Two lines in the listing below mark the span: one contains "Let mup_Na_le1 : (mup" and one contains "Lemma horner_mx_image_span x". Reproduce both of them and everything between, exactly.

..........

Lemma char_poly_imaginary_pair n (B : 'M[C]_n) (w : C) (p : {poly C}) :
  w \is Num.real -> w != 0 -> hurwitz p ->
  char_poly B = p * ('X ^+ 2 + (w ^+ 2)%:P) -> imaginary_pair_spectrum B w.
Proof.
move=> w_real w0 p_hurwitz; rewrite -XsubC_mulCi_pair => chiE.
have eigenB z : eigenvalue B z -> root p z || ((z == w * 'i) || (z == - (w * 'i))).
  by rewrite eigenvalue_root_char chiE !rootM !root_XsubC.
have [p_a p_Na] : ~~ root p (w * 'i) /\ ~~ root p (- (w * 'i)).
  by split; apply: hurwitz_root_Re0 p_hurwitz _; rewrite ?Re_mulCi ?Re_oppr_mulCi.
split.
- move=> z /eigenB /orP[/p_hurwitz/ltW //|/orP[] /eqP ->].
    by rewrite Re_mulCi.
  by rewrite Re_oppr_mulCi.
- move=> z /eigenB /orP[pz Rez|/orP[] /eqP ->]; [|by left|by right].
  by move: pz; rewrite (negPf (hurwitz_root_Re0 p_hurwitz Rez)).
- rewrite chiE mupMr // mupMl; last by rewrite root_XsubC eq_sym oppr_mulCi_neq.
  by rewrite -['X - _]expr1 mup_XsubCX eqxx.
- rewrite chiE mupMr // mupMr; last by rewrite root_XsubC oppr_mulCi_neq.
  by rewrite -['X - _]expr1 mup_XsubCX eqxx.
Qed.
End Spectrum.

Section ConjugateSquareForm.
Variable C : numClosedFieldType.

Definition conj_sqform n (r : 'rV[C]_n) : 'M[C]_n :=
  r^T *m map_mx conjC r + (map_mx conjC r)^T *m r.

Variables (n : nat) (r : 'rV[C]_n).
Local Notation rb := (map_mx conjC r).

Lemma conj_sqform_S2 : S2 (conj_sqform r).
Proof.
split; last by rewrite /conj_sqform linearD /= !trmx_mul !trmxK addrC.
have rbK : map_mx conjC rb = r by apply/matrixP => i j; rewrite !mxE conjCK.
apply: realmx_of_conj.
by rewrite /conj_sqform map_mxD !map_mxM -!map_trmx rbK addrC.
Qed.

Lemma conj_sqform_psd : psd (conj_sqform r).
Proof.
move=> x xreal; rewrite /qform.
have rbx : rb *m x = map_mx conjC (r *m x) by rewrite map_mxM (realmxC xreal).
have -> : x^T *m conj_sqform r *m x = (r *m x)^T *m (rb *m x) + (rb *m x)^T *m (r *m x).
  by rewrite /conj_sqform mulmxDr mulmxDl !mulmxA -!trmx_mul.
rewrite rbx (mx11_scalar (r *m x)); set t := (r *m x) 0 0.
rewrite !mxE !big_ord1 !mxE /= !mulr1n.
by rewrite (mulrC t^*) -normCK addr_ge0 // exprn_ge0.
Qed.

Lemma rank_conj_sqform : row_free (col_mx r rb) -> \rank (conj_sqform r) = 2%N.
Proof.
move=> free_r_rb.
have free_rb_r : row_free (col_mx rb r) by rewrite /row_free -addsmxE addsmxC addsmxE.
have -> : conj_sqform r = (col_mx r rb)^T *m col_mx rb r.
  by rewrite tr_col_mx mul_row_col.
by rewrite mxrankMfree // mxrank_tr; apply/eqP.
Qed.

Lemma LB2_conj_sqform (B : 'M[C]_n) a : B \is a realmx -> a^* = - a ->
  r *m B = a *: r -> LB2 B (conj_sqform r) = 0.
Proof.
move=> Breal conj_a rB.
have rbB : rb *m B = - a *: rb by rewrite -conj_a (conj_eigenrow Breal rB).
rewrite /LB2 /conj_sqform mulmxDl -!mulmxA rbB rB -!scalemxAr.
rewrite mulmxDr !mulmxA -!trmx_mul rB rbB !linearZ /= -!scalemxAl.
by rewrite !scaleNr addrACA subrr addNr addr0.
Qed.
End ConjugateSquareForm.

Section ImaginaryPairKernel.
Variable C : numClosedFieldType.
Variables (n : nat) (B : 'M[C]_n.+1) (w : C) (p : {poly C}).
Hypotheses (B_real : B \is a realmx) (w_real : w \is Num.real) (w_neq0 : w != 0).
Hypotheses (p_hurwitz : hurwitz p)
  (char_polyE : char_poly B = p * ('X ^+ 2 + (w ^+ 2)%:P)).
Local Notation a := (w * 'i).

Variables (r : 'rV[C]_n.+1) (u : 'cV[C]_n.+1).
Hypotheses (r_neq0 : r != 0) (rB : r *m B = a *: r).
Hypotheses (u_neq0 : u != 0) (Bu : B *m u = a *: u).
Local Notation rb := (map_mx conjC r).
Local Notation ub := (map_mx conjC u).

Let spectrumB := char_poly_imaginary_pair w_real w_neq0 p_hurwitz char_polyE.

Let mup_a_le1 : (mup a (char_poly B) <= 1)%N.
Proof. by case: spectrumB => _ _ ->. Qed.

Let mup_Na_le1 : (mup (- a) (char_poly B) <= 1)%N.
Proof. by case: spectrumB => _ _ _ ->. Qed.

Let Na_neq_a : - a != a := oppr_mulCi_neq w_neq0.
Let rb_neq0 : rb != 0. Proof. by rewrite map_mx_eq0. Qed.
Let ub_neq0 : ub != 0. Proof. by rewrite map_mx_eq0. Qed.

Let rbB : rb *m B = - a *: rb.
Proof. by rewrite -(conj_mulCi w_real) (conj_eigenrow B_real rB). Qed.

Let Bub : B *m ub = - a *: ub.
Proof. by rewrite -(conj_mulCi w_real) (conj_eigencol B_real Bu). Qed.

Lemma horner_mx_image_span x :
  exists al be, horner_mx B p *m x = al *: u + be *: ub.
Proof.
have horner_XsubC b : horner_mx B ('X - b%:P) = B - b%:M.
  by rewrite rmorphB /= horner_mx_X horner_mx_C.
set y := horner_mx B p *m x; set z := (B - (- a)%:M) *m y.
have Bz : B *m z = a *: z.
  apply/eqP; rewrite -subr_eq0 -mul_scalar_mx -mulmxBl /z /y !mulmxA.
  rewrite -!horner_XsubC !mulmxE -!rmorphM /= mulrC XsubC_mulCi_pair -char_polyE.
  by rewrite Cayley_Hamilton mul0mx.
have [l zl] := eigencol_simple mup_a_le1 u_neq0 Bu Bz.
have a_Na : a - - a != 0 by rewrite subr_eq0 eq_sym Na_neq_a.
set y' := y - (l / (a - - a)) *: u.
have By' : B *m y' = - a *: y'.
  apply/eqP; rewrite -subr_eq0 -mul_scalar_mx -mulmxBl /y' mulmxBr -/z zl.
  by rewrite -scalemxAr mulmxBl Bu mul_scalar_mx -scalerBl scalerA divfK // subrr.
have [m y'm] := eigencol_simple mup_Na_le1 ub_neq0 Bub By'.
by exists (l / (a - - a)), m; rewrite -y'm /y' addrC subrK.
Qed.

..........

SOLUTION FOR THIS EXERCISE
Let mup_Na_le1 : (mup (- a) (char_poly B) <= 1)%N.
Proof. by case: spectrumB => _ _ _ ->. Qed.

Let Na_neq_a : - a != a := oppr_mulCi_neq w_neq0.
Let rb_neq0 : rb != 0. Proof. by rewrite map_mx_eq0. Qed.
Let ub_neq0 : ub != 0. Proof. by rewrite map_mx_eq0. Qed.

Let rbB : rb *m B = - a *: rb.
Proof. by rewrite -(conj_mulCi w_real) (conj_eigenrow B_real rB). Qed.

Let Bub : B *m ub = - a *: ub.
Proof. by rewrite -(conj_mulCi w_real) (conj_eigencol B_real Bu). Qed.

Lemma horner_mx_image_span x :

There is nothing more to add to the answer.